(Extracted records)
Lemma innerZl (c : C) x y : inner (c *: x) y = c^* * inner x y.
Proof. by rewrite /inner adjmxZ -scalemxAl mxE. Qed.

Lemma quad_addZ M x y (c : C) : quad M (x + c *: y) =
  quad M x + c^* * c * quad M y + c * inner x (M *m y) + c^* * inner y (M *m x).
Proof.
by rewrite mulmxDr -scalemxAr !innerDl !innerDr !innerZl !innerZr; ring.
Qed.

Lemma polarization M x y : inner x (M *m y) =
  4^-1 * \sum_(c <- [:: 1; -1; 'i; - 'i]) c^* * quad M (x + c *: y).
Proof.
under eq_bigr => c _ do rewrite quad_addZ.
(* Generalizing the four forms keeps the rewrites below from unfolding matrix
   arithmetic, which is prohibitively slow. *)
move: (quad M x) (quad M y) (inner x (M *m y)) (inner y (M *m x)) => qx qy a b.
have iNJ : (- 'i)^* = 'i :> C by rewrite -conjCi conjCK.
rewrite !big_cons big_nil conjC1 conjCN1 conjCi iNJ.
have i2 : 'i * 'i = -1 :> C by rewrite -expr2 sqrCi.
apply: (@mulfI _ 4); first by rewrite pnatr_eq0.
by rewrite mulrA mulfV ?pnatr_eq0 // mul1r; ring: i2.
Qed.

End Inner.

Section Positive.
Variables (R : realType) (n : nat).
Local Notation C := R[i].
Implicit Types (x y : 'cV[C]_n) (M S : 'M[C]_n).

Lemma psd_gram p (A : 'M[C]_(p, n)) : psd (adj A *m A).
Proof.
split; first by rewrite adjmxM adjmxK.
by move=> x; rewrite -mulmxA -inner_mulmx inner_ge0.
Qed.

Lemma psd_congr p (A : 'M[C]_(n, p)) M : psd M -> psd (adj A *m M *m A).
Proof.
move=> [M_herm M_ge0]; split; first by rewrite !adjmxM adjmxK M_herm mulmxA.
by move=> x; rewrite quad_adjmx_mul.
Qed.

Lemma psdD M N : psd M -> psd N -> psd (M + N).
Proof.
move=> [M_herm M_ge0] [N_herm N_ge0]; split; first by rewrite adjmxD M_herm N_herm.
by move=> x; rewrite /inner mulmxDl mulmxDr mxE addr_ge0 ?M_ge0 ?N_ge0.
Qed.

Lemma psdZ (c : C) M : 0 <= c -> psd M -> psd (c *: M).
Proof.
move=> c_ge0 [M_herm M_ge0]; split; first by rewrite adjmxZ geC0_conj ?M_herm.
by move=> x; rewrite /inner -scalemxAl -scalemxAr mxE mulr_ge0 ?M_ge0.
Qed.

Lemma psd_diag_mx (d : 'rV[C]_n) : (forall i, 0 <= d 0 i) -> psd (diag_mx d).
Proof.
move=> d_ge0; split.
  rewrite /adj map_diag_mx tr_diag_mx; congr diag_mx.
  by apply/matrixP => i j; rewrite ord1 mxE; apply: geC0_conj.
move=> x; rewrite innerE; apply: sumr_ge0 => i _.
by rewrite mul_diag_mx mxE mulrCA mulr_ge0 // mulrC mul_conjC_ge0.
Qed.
(End Extracted records)
(Extracted records)
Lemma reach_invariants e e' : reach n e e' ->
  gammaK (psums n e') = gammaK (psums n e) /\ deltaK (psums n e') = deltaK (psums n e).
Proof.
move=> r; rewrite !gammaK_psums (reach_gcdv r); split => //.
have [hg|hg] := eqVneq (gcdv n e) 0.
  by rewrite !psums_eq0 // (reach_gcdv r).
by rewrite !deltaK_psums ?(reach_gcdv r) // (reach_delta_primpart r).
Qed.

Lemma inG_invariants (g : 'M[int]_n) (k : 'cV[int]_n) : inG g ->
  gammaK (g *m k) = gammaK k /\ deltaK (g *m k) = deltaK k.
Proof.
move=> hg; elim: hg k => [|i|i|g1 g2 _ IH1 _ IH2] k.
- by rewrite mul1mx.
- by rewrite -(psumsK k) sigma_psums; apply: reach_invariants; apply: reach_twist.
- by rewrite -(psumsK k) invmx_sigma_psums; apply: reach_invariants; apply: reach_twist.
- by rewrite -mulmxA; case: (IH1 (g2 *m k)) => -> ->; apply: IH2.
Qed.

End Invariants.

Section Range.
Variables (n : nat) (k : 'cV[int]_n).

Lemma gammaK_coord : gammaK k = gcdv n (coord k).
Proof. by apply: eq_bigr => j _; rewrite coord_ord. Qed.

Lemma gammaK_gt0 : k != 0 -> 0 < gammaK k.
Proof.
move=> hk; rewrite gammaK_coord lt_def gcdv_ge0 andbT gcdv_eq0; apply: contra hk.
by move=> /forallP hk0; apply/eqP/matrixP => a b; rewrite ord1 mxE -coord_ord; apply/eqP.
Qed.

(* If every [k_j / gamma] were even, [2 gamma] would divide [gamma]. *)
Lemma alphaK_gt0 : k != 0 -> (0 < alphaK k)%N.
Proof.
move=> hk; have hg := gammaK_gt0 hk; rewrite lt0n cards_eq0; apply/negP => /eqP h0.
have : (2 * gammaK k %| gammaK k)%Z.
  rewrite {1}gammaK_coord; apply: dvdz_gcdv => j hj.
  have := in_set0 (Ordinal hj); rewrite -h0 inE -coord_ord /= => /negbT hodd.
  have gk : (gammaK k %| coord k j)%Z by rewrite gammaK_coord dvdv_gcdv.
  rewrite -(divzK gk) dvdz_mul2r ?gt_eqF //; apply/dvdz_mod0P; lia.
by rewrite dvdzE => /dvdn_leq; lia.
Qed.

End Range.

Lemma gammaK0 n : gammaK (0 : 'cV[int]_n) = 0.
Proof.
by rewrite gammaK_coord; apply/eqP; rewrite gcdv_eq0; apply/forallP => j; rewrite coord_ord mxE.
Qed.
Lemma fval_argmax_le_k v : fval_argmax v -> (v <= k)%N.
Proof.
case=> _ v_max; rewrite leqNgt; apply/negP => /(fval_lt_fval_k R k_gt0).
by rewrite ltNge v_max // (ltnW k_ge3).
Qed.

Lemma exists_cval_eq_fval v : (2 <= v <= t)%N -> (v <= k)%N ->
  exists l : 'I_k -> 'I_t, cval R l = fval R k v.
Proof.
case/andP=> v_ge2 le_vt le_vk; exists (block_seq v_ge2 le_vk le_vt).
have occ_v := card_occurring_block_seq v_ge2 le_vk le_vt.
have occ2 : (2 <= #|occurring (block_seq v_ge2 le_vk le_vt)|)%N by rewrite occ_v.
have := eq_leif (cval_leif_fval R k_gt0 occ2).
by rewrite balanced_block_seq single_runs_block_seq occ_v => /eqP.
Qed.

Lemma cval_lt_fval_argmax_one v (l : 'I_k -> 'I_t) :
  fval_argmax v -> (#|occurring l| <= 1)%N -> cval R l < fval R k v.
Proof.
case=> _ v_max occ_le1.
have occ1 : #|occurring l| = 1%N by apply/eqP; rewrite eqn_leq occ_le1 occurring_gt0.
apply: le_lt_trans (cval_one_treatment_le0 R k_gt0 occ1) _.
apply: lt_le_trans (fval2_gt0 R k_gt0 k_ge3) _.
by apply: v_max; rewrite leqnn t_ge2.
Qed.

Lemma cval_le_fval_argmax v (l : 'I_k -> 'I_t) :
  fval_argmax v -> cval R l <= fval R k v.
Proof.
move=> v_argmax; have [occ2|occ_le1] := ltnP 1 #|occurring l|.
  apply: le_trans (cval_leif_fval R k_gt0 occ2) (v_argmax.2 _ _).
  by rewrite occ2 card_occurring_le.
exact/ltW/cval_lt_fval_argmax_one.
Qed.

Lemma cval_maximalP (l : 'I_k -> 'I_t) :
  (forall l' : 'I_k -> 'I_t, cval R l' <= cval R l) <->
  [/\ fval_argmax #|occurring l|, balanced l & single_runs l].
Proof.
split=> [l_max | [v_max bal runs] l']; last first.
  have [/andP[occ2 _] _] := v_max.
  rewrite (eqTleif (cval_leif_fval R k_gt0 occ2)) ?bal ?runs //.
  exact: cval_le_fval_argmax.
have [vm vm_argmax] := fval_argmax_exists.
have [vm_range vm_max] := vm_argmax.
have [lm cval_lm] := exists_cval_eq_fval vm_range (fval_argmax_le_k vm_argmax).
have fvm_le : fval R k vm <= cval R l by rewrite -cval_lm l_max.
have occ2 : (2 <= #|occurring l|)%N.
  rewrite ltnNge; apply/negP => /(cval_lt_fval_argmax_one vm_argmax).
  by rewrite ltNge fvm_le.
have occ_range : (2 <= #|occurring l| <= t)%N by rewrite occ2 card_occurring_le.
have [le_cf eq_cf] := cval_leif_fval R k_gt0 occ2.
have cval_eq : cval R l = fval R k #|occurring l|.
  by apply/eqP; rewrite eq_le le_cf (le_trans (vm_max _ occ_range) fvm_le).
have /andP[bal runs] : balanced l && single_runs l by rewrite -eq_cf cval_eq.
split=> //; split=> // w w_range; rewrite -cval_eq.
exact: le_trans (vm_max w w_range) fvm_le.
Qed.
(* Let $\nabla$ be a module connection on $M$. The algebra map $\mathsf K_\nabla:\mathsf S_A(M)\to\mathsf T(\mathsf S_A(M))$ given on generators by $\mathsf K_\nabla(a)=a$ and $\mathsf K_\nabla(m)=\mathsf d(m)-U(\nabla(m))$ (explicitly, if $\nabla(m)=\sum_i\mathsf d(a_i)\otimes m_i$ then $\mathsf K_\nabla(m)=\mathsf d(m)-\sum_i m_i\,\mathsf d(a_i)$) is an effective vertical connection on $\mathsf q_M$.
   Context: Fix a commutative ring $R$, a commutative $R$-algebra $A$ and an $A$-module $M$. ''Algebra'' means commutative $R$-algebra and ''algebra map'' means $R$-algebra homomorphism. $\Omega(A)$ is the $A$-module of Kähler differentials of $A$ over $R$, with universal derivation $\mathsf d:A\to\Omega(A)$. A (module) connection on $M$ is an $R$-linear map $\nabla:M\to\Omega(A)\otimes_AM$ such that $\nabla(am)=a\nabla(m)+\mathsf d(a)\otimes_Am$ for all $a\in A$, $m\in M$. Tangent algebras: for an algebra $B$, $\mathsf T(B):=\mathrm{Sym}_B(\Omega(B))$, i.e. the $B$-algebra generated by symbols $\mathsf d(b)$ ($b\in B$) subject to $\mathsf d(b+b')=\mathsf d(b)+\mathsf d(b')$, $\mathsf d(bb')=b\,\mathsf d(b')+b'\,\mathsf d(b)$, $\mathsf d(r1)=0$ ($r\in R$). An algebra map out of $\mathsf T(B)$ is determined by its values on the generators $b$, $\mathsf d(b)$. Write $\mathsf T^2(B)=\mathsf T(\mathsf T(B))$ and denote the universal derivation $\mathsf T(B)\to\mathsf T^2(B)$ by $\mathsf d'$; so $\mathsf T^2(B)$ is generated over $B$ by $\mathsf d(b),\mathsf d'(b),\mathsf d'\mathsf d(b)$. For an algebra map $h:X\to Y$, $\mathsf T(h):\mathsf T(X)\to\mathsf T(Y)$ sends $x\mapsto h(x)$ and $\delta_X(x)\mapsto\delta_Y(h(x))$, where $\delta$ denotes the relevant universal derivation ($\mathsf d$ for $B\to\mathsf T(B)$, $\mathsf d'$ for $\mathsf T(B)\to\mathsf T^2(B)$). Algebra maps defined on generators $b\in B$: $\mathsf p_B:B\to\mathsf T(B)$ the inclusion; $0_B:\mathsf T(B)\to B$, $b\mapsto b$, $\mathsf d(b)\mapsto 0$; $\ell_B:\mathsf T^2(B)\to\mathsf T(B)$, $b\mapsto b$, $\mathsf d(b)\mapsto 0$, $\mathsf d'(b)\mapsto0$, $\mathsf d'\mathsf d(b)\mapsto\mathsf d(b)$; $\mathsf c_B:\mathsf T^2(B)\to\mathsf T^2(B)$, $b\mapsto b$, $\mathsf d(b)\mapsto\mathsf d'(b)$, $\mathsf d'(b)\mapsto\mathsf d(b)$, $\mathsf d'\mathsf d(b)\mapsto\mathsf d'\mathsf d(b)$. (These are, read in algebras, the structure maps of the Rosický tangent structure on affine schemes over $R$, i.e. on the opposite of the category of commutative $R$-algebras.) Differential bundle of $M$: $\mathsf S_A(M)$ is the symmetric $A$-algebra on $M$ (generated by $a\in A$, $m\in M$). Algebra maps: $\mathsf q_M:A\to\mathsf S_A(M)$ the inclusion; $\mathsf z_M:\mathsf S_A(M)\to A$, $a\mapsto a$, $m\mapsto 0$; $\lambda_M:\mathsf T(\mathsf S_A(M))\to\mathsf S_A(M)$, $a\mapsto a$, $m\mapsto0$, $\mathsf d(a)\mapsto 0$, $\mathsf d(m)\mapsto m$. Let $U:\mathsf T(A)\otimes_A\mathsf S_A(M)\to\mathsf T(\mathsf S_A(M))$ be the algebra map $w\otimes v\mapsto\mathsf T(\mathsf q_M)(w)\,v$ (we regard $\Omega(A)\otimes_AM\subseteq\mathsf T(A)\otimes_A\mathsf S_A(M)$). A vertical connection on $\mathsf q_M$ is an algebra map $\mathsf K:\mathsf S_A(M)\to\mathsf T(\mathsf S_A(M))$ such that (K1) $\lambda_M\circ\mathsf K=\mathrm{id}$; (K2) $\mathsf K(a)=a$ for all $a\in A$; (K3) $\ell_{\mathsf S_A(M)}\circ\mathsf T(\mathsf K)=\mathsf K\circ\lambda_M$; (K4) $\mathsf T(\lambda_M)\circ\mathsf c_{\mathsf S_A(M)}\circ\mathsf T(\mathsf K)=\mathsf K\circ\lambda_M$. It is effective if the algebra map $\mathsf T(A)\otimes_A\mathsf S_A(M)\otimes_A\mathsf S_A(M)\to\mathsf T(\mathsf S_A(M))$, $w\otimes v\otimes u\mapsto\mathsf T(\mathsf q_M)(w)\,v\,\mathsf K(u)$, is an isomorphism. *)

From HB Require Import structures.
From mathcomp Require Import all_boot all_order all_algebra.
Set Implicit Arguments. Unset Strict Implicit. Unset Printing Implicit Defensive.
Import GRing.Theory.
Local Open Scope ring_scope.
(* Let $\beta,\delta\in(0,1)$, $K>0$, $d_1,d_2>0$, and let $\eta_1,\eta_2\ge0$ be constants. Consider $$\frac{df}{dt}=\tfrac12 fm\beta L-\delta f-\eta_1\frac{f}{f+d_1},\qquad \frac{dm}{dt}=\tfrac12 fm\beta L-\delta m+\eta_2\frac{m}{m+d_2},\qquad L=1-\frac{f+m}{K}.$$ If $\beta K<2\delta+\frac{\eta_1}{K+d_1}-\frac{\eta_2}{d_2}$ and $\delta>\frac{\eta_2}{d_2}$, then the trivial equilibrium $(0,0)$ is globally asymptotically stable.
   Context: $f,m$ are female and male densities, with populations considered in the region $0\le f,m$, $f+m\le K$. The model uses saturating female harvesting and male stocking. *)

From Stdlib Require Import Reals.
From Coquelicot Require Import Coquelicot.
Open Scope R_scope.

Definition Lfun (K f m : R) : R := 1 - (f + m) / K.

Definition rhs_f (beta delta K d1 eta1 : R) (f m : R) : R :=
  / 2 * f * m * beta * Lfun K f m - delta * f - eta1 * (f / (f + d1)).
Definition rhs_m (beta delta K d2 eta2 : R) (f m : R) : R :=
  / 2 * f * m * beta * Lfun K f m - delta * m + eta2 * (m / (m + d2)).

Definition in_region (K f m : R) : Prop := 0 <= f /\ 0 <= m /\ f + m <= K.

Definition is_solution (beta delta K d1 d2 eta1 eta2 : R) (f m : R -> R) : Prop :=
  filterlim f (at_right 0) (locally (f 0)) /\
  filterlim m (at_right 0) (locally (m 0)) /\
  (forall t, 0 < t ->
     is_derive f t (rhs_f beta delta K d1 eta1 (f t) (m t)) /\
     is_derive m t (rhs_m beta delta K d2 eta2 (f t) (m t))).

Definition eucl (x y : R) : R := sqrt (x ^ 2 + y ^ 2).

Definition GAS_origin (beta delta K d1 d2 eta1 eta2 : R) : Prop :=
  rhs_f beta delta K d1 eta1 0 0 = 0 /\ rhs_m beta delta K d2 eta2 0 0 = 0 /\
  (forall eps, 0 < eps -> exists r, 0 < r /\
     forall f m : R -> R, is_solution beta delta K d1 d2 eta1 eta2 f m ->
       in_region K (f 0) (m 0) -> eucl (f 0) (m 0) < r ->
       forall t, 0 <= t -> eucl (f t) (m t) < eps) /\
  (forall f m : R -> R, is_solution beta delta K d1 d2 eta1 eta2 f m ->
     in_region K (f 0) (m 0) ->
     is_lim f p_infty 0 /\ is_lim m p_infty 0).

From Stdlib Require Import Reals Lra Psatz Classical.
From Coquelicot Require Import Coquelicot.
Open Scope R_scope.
(End Extracted records)
(Extracted records)
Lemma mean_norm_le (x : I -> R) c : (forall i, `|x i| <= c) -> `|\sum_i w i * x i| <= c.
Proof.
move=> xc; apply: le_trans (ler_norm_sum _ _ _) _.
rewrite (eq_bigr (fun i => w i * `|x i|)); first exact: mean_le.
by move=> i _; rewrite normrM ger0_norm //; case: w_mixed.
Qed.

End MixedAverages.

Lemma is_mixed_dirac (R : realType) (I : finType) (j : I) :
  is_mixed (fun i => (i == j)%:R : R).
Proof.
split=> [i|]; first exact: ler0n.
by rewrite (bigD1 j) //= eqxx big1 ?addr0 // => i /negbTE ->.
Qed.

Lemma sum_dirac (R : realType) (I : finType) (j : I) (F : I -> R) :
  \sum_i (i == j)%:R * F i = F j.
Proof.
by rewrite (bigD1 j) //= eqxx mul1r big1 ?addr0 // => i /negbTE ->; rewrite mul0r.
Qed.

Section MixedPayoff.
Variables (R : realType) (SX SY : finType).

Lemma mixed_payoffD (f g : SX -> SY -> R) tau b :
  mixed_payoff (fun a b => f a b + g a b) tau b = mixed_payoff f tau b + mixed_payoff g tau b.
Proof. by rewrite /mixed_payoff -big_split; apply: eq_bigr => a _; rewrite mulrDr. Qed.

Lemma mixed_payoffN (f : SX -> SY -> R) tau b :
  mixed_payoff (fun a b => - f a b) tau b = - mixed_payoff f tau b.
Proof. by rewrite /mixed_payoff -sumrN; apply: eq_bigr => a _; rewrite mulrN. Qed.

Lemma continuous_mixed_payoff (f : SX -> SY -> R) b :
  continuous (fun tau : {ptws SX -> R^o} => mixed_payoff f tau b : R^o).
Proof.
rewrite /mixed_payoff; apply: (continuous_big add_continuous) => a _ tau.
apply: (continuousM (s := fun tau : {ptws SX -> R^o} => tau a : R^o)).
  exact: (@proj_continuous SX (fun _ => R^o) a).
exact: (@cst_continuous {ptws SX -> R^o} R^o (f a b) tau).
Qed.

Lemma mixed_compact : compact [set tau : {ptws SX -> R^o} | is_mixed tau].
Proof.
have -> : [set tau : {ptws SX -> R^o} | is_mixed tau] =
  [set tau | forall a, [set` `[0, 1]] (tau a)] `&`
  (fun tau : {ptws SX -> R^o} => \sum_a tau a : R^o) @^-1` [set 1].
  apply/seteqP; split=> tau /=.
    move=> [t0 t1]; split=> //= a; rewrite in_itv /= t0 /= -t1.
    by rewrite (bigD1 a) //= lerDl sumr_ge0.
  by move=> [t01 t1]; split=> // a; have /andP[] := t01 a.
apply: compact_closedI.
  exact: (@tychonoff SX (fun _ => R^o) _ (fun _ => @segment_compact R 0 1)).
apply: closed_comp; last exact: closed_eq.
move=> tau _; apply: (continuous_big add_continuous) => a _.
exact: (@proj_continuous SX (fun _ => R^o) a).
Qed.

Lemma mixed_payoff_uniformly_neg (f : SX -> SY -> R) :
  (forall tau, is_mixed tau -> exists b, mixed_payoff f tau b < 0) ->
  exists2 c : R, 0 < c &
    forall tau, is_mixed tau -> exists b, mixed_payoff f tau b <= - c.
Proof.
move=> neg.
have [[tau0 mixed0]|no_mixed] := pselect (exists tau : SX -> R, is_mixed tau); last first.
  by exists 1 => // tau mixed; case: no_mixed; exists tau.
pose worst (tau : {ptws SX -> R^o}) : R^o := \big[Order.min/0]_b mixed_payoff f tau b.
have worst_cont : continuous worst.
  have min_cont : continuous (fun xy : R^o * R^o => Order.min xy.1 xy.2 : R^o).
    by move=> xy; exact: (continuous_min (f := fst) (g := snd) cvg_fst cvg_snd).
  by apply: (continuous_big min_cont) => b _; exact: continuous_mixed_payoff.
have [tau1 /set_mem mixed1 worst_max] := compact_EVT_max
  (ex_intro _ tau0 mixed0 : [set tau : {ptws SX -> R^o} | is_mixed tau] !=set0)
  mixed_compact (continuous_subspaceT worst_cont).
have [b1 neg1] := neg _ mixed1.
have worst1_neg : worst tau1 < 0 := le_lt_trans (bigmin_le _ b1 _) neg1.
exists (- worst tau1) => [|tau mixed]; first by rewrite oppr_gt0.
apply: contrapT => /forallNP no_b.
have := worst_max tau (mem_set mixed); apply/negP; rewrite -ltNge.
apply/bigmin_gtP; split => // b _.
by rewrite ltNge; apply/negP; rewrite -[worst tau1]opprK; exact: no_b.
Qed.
(End Extracted records)
## [Goal of the exercise]
Starting with the line above that holds "case/andP=> v_ge2 le_vt" and stopping with the line that holds "Lemma cval_lt_fval_argmax_one v", reproduce each line exactly, omitting all other lines.

## [Response box]
case/andP=> v_ge2 le_vt le_vk; exists (block_seq v_ge2 le_vk le_vt).
have occ_v := card_occurring_block_seq v_ge2 le_vk le_vt.
have occ2 : (2 <= #|occurring (block_seq v_ge2 le_vk le_vt)|)%N by rewrite occ_v.
have := eq_leif (cval_leif_fval R k_gt0 occ2).
by rewrite balanced_block_seq single_runs_block_seq occ_v => /eqP.
Qed.

Lemma cval_lt_fval_argmax_one v (l : 'I_k -> 'I_t) :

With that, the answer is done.